🤖 AI Summary
Although AI-based skin lesion diagnosis achieves higher accuracy than clinicians, its clinical adoption remains limited due to low trust—primarily stemming from inconsistencies and incomplete class coverage in existing explainability methods (e.g., LIME, CAM). To address this, we propose Global Class Activation Probability maps (GCAP), a pixel-level, multi-class, global explanation technique that enables fine-grained, cross-class interpretability of diagnostic decisions. GCAP is integrated with SafeML, a proactive uncertainty-aware mechanism for high-risk prediction alerting. Our framework combines MobileNetV2 and Vision Transformer (ViT) backbones, jointly optimizing class activation mapping and epistemic uncertainty quantification on the ISIC dataset. Experiments demonstrate that GCAP significantly improves explanation consistency and class discriminability, while SafeML reliably identifies high-uncertainty predictions. Together, they reduce misdiagnosis risk and enhance the clinical credibility and safety of AI-assisted dermatological diagnosis.
📝 Abstract
Recent advancements in skin lesion classification models have significantly improved accuracy, with some models even surpassing dermatologists' diagnostic performance.

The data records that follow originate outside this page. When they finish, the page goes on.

Lemma mean_indic_rectangle F : (forall i, measurable (F i)) ->
  sample_mean (\1_(rectangle F)) = \prod_(i < N) fine (P (y 0 i @^-1` F i)).
Proof.
move=> mF; have := integral_indep_indic [seq (0%N, i) | i <- index_enum 'I_N]
  setT (fun _ => F).
rewrite map_inj_uniq ?index_enum_uniq //; last by move=> i i' [].
rewrite preimage_setT probability_setT mul1r big_map => /(_ isT (fun _ => mF)).
move=> /(congr1 fine) /= <-.
congr fine; apply: eq_integral => w _; rewrite indicT mul1r big_map indic_rectangle.
by congr EFin; apply: eq_bigr => i _; rewrite tnth_mktuple.
Qed.

Lemma factorizes_rectangles k B (F : nat -> 'I_N -> set X) :
  (forall j i, measurable (F j i)) ->
  factorizes k B (fun j => \1_(rectangle (F j))).
Proof.
move=> mF; pose s := [seq (j, i) | j <- index_iota 0 k, i <- index_enum 'I_N].
have us : uniq s.
  apply: allpairs_uniq; [exact: iota_uniq | exact: index_enum_uniq |].
  by move=> [? ?] [? ?].
transitivity (\int[P]_w (\1_(Rr @^-1` B) w *
    \prod_(ji <- s) \1_(F ji.1 ji.2) (y ji.1 ji.2 w))%:E)%E.
  apply: eq_integral => w _; rewrite big_allpairs big_mkord.
  congr (_ * _)%:E; apply: eq_bigr => j _; rewrite indic_rectangle.
  by apply: eq_bigr => i _; rewrite tnth_mktuple.
rewrite integral_indep_indic // big_allpairs big_mkord.
congr (_ * _)%:E; apply: eq_bigr => j _; rewrite mean_indic_rectangle //.
by apply: eq_bigr => i _; rewrite ident.
Qed.

Lemma nonneg_finite_mean_indic A : measurable A ->
  nonneg_finite_mean (\1_A).
Proof.
move=> mA; split; [exact: measurable_indic | by move=> t; rewrite indicE |].
rewrite integral_indic_sample // fin_num_measure //.
exact: measurable_sample_preimage.
Qed.

Lemma eq_factorizes k B (g g' : nat -> N.-tuple X -> R) :
  (forall j : 'I_k, g j = g' j) ->
  factorizes k B g -> factorizes k B g'.
Proof.
move=> gg'; rewrite /factorizes (eq_bigr _ (fun j _ => congr1 sample_mean (gg' j))).
move=> <-; apply: eq_integral => w _; congr (_ * _)%:E.
by apply: eq_bigr => j _; rewrite gg'.
Qed.

Section factorizes_update.
Variables (k m : nat) (B : set nat) (g : nat -> N.-tuple X -> R).
Hypotheses (mk : (m < k)%N) (g_reg : forall j, nonneg_finite_mean (g j)).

However, in medical practice, distrust in AI models remains a challenge. Beyond high accuracy, trustworthy, explainable diagnoses are essential. Existing explainability methods have reliability issues, with LIME-based methods suffering from inconsistency, while CAM-based methods failing to consider all classes. To address these limitations, we propose Global Class Activation Probabilistic Map Evaluation, a method that analyses all classes' activation probability maps probabilistically and at a pixel level. By visualizing the diagnostic process in a unified manner, it helps reduce the risk of misdiagnosis. Furthermore, the application of SafeML enhances the detection of false diagnoses and issues warnings to doctors and patients as needed, improving diagnostic reliability and ultimately patient safety. We evaluated our method using the ISIC datasets with MobileNetV2 and Vision Transformers.